OpenAI hat ChatGPT Work angekündigt – ein neues Tool, das ChatGPT aus der Rolle eines Text-Chatbots in den Status eines autonomen Arbeits-KI-Agenten überführt. Der Dienst ist in der Lage, mehrstufige Arbeitsaufgaben eigenständig zu erledigen und erhält dabei direkten Zugriff auf die Tools, die Mitarbeiter täglich nutzen. Dies berichtet RBC-Ukraine unter Verweis auf die Analyse von TechCrunch, während ukrainische und russische Technologiepublikationen den Kontext und die Details bestätigen.
Vom Codex zum universellen Büro-Agenten
Laut den Entwicklern wurde die ChatGPT Work-App auf Basis des Tools Codex erstellt, jedoch für Fachleute aus den verschiedensten Branchen angepasst – Buchhalter, Analysten, Marketingexperten und Manager. Der Hauptunterschied des neuen Produkts besteht darin, dass es nicht einfach auf Fragen im Dialogformat antwortet, sondern komplexe Aufträge autonom ausführt. Dafür muss der Benutzer dem Modell Zugriff auf Arbeitsdienste gewähren: E-Mail, den Unternehmens-Messenger Slack, Datenbanken wie Notion oder Figma und sogar auf Kalender. Das Ziel des Unternehmens besteht laut Entwicklern darin, vom Konzept des Textchats zum „digitalen persönlichen Assistenten' überzugehen, der sich die gesamte Büro-Routine zunutze macht und große Informationsmengen bearbeitet, zu denen ein Mensch „keine Zeit findet'.
Wichtige Anwendungsszenarien
Vertreter von OpenAI und frühe Tester heben mehrere typische Aufgaben hervor. Erstens: die automatische Datenerhebung – der KI-Agent kann eine Problemdiskussion im Arbeitschat eigenständig lesen und auf dieser Grundlage Diagramme und Grafiken erstellen. Zweitens: die Erstellung von Berichten und Memoranden – Investoren und operative Teams nutzen das Produkt, um Unternehmensdaten aus verschiedenen Quellen automatisch in einheitliche Analyse-Dashboards zu sammeln. Drittens: die Interaktion mit Kalendern und E-Mails – das Tool findet unstrukturierte Informationen in eingehenden E-Mails (z. B. Veranstaltungstermine) und trägt die Einträge selbst in Google Calendar ein.

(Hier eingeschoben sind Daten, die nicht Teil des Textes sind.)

(* Let $\mathcal G=(V,E,\lambda)$ be a temporal graph with lifetime $T_{\max}$, let $\delta\in\mathbb N^+$, let $S\subseteq V\times[0,T_{\max}]$ be a set of seed infections, and let $L_1,L_2\subseteq V^2\times[0,T_{\max}]$ be two infection logs consistent with $S$. Then the induced infection timetables $T_i=\{(v,t)\mid (u,v,t)\in L_i\}$, $i=1,2$, are equal: $T_1=T_2$.
   Context: A temporal graph $\mathcal G=(V,E,\lambda)$ with lifetime $T_{\max}$ consists of a finite undirected static graph $(V,E)$ and a labeling $\lambda:E\to\{1,\dots,T_{\max}\}$; edge $e$ is present only at time $\lambda(e)$. Infection model with parameter $\delta$: given seed infections $S$, a seed $(u,t)$ makes $u$ infected at time $t$; otherwise a susceptible node $u$ becomes infected at time $t$ iff some neighbour $v$ infectious at time $t$ has $\lambda(uv)=t$; if several such neighbours exist, $u$ is infected by exactly one of them (any one). A node infected at time $t$ is infectious at times $t+1,\dots,t+\delta$ and resistant afterwards. The infection log of an infection chain is the set of triples $(u,v,t)$ meaning $u$ infected $v$ at time $t$ (a seed infection of $u$ at $t$ is recorded as $(u,u,t)$). A log is consistent with $S$ if some infection chain seeded with $S$ produces it. *)

From mathcomp Require Import all_boot.
Set Implicit Arguments. Unset Strict Implicit. Unset Printing Implicit Defensive.

(* The label of
   the undirected edge {u,v} is tg_lam u v = tg_lam v u; values of tg_lam
   on non-edges are irrelevant. *)
Record temporal_graph (V : finType) (Tmax : nat) := TemporalGraph {
  tg_adj : rel V;
  tg_lam : V -> V -> nat;
  tg_sym : symmetric tg_adj;
  tg_irr : irreflexive tg_adj;
  tg_lam_sym : forall u v, tg_lam u v = tg_lam v u;
  tg_lam_range : forall u v, tg_adj u v -> 0 < tg_lam u v <= Tmax
}.

Section Infection.
Variables (V : finType) (Tmax : nat).
Notation time := 'I_Tmax.+1.

(* An infection chain: for each node v, either None (never infected) or
   Some (u, t): v was infected by u at time t (u = v for a seed infection). *)
Definition chain := V -> option (V * time).

Definition infectious (delta : nat) (f : chain) (v : V) (t : nat) : Prop :=
  exists (u : V) (t' : time), f v = Some (u, t') /\ t' < t <= t' + delta.

Definition susceptible (f : chain) (v : V) (t : nat) : Prop :=
  forall (u : V) (t' : time), f v = Some (u, t') -> t <= t'.

Definition is_infection_chain (G : temporal_graph V Tmax) (delta : nat)
    (S : {set V * time}) (f : chain) : Prop :=
  (forall (v u : V) (t : time), f v = Some (u, t) ->
      ((v, t) \in S /\ u = v)
      \/ ((v, t) \notin S /\ tg_adj G u v /\ tg_lam G u v = t
          /\ infectious delta f u t))
  /\
  (forall (v : V) (t : time), susceptible f v t ->
      ((v, t) \in S \/
       exists u, tg_adj G u v /\ tg_lam G u v = t /\ infectious delta f u t) ->
      exists u, f v = Some (u, t)).

Definition infection_log (f : chain) : {set V * V * time} :=
  [set x : V * V * time | f x.1.2 == Some (x.1.1, x.2)].

Definition consistent_log (G : temporal_graph V Tmax) (delta : nat)
    (S : {set V * time}) (L : {set V * V * time}) : Prop :=
  exists f : chain, is_infection_chain G delta S f /\ L = infection_log f.

Definition timetable (L : {set V * V * time}) : {set V * time} :=
  [set x : V * time | [exists u : V, ((u, x.1), x.2) \in L]].

End Infection.

From mathcomp Require Import all_boot.

(* Two chains seeded with S may differ in who infects whom, but not in when
   each node is infected.  By strong induction on t: if both chains agree on
   all infections before t, then a node is susceptible at t, and has a seed or
   an infectious neighbour along an edge present at t, in one chain iff in the
   other, so soundness of one chain and completeness of the other transfer an
   infection at t. *)

Set Implicit Arguments. Unset Strict Implicit. Unset Printing Implicit Defensive.

Section InfectionTimes.
Variables (V : finType) (Tmax : nat).
Notation time := 'I_Tmax.+1.

Definition infection_time (f : chain V Tmax) (v : V) : option time :=
  omap snd (f v).

Lemma infection_timeP (f : chain V Tmax) (v : V) (t : time) :
  reflect (exists u, f v = Some (u, t)) (infection_time f v == Some t).
Proof.
rewrite /infection_time; case: (f v) => [[u t']|] /=; last by constructor; case.
by apply: (iffP eqP) => [[->]|[w [_ ->]]]; first exists u.
Qed.

Lemma timetable_infection_log (f : chain V Tmax) :
  timetable (infection_log f) = [set x | infection_time f x.1 == Some x.2].
Proof.
apply/setP => -[v t]; rewrite !inE /=.
by apply/existsP/infection_timeP => -[u fv]; exists u; rewrite ?inE in fv *; apply/eqP.
Qed.

Variables (G : temporal_graph V Tmax) (delta : nat) (S : {set V * time}).

Lemma infected_at_of_agree_before (f1 f2 : chain V Tmax) (t : time) :
  is_infection_chain G delta S f1 -> is_infection_chain G delta S f2 ->
  (forall w (t' : time), t' < t ->
     (infection_time f1 w == Some t') = (infection_time f2 w == Some t')) ->
  forall v, infection_time f1 v == Some t -> infection_time f2 v == Some t.
Proof.
move=> [sound1 _] [_ complete2] agree v /infection_timeP[u f1v].
have susceptible2 : susceptible f2 v t.
  move=> u' t' f2v; rewrite leqNgt; apply/negP => lt_t't.
  have /infection_timeP[u'' f1v'] : infection_time f1 v == Some t'.
    by rewrite agree //; apply/infection_timeP; exists u'.
  by move: lt_t't; rewrite f1v in f1v'; case: f1v' => _ <-; rewrite ltnn.
apply/infection_timeP/(complete2 v t susceptible2).
case: (sound1 v u t f1v) => [[inS _]|[_ [adj_uv [lam_uv infectious1]]]].
  by left.
right; exists u; split=> //; split=> //.
have [w [t' [f1u /andP[lt_t't le_t]]]] := infectious1.
have /infection_timeP[w' f2u] : infection_time f2 u == Some t'.
  by rewrite -agree //; apply/infection_timeP; exists w.
by exists w', t'; rewrite f2u lt_t't le_t.
Qed.

Lemma infection_time_unique (f1 f2 : chain V Tmax) :
  is_infection_chain G delta S f1 -> is_infection_chain G delta S f2 ->
  infection_time f1 =1 infection_time f2.
Proof.
move=> chain1 chain2.
have agree n v (t : time) : t = n :> nat ->
    (infection_time f1 v == Some t) = (infection_time f2 v == Some t).
  elim/ltn_ind: n v t => n IH v t tn.
  apply/idP/idP; apply: infected_at_of_agree_before => // w t' lt_t't;
    by rewrite (IH t') // -tn.
move=> v; case E1: (infection_time f1 v) => [t|].
  by apply/esym/eqP; rewrite -(agree t) ?E1.
case E2: (infection_time f2 v) => [t|] //.
by have := agree t v t erefl; rewrite E1 E2 eqxx.
Qed.

End InfectionTimes.

Theorem mainTheorem5 (V : finType) (Tmax : nat) (G : temporal_graph V Tmax)
    (delta : nat) (S : {set V * 'I_Tmax.+1}) (L1 L2 : {set V * V * 'I_Tmax.+1}) :
  0 < delta ->
  consistent_log G delta S L1 ->
  consistent_log G delta S L2 ->
  timetable L1 = timetable L2.
Proof.
move=> _ [f1 [chain1 ->]] [f2 [chain2 ->]].
rewrite !timetable_infection_log.
by apply/setP => x; rewrite !inE (infection_time_unique chain1 chain2).
Qed.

Schließlich ist die Einrichtung einer Forschungsüberwachung möglich – ein automatischer wöchentlicher Digest wissenschaftlicher Publikationen zu einem bestimmten Thema.
Sicherheit und Datenschutz
Die Gewährung eines vollständigen Zugriffs auf persönliche Korrespondenz und Unternehmensdokumente weckt zwangsläufig Bedenken hinsichtlich der Sicherheit und des Datenschutzes. Lead-Entwickler der Desktop-App von OpenAI, Andrew Ambrosino, räumt ein, dass das Risiko eines versehentlichen Leaks vertraulicher Informationen besteht, das Unternehmen arbeite jedoch daran, die Aufgabenexecution „so sicher und vorhersehbar wie möglich' zu machen. OpenAI leugnet das Vorhandensein eines Risikos also nicht, sondern erklärt dessen Reduzierung im Rahmen der Produktverfeinerung.
Technische Hürden und Perspektiven
Neben den Datenschutzfragen bleiben auch technische Einschränkungen. Die Komplexität der Berechtigungssteuerung: Die Gewährung von Lese- oder Schreibrechten für Dateien in Cloud-Speichern erfordert zusätzliche Aktionen des Benutzers und eine parallele Nutzung der Web- und der mobilen App. Auch die Bewertung der Arbeitsqualität ist erschwert: Im Gegensatz zu Programmcode, der entweder funktioniert oder nicht, ist es deutlich schwieriger, die Qualität einer von KI generierten Geschäftsstrategie oder Präsentation zu bewerten. Dennoch ist OpenAI überzeugt, dass die Welt bereit für den Übergang zu einer vollständigen Interaktion mit KI-Agenten ist, und dass die weitere Verbesserung der Sprachmodelle solche Tools zu einem Standardbestandteil der täglichen Arbeit jedes Büroangestellten machen wird.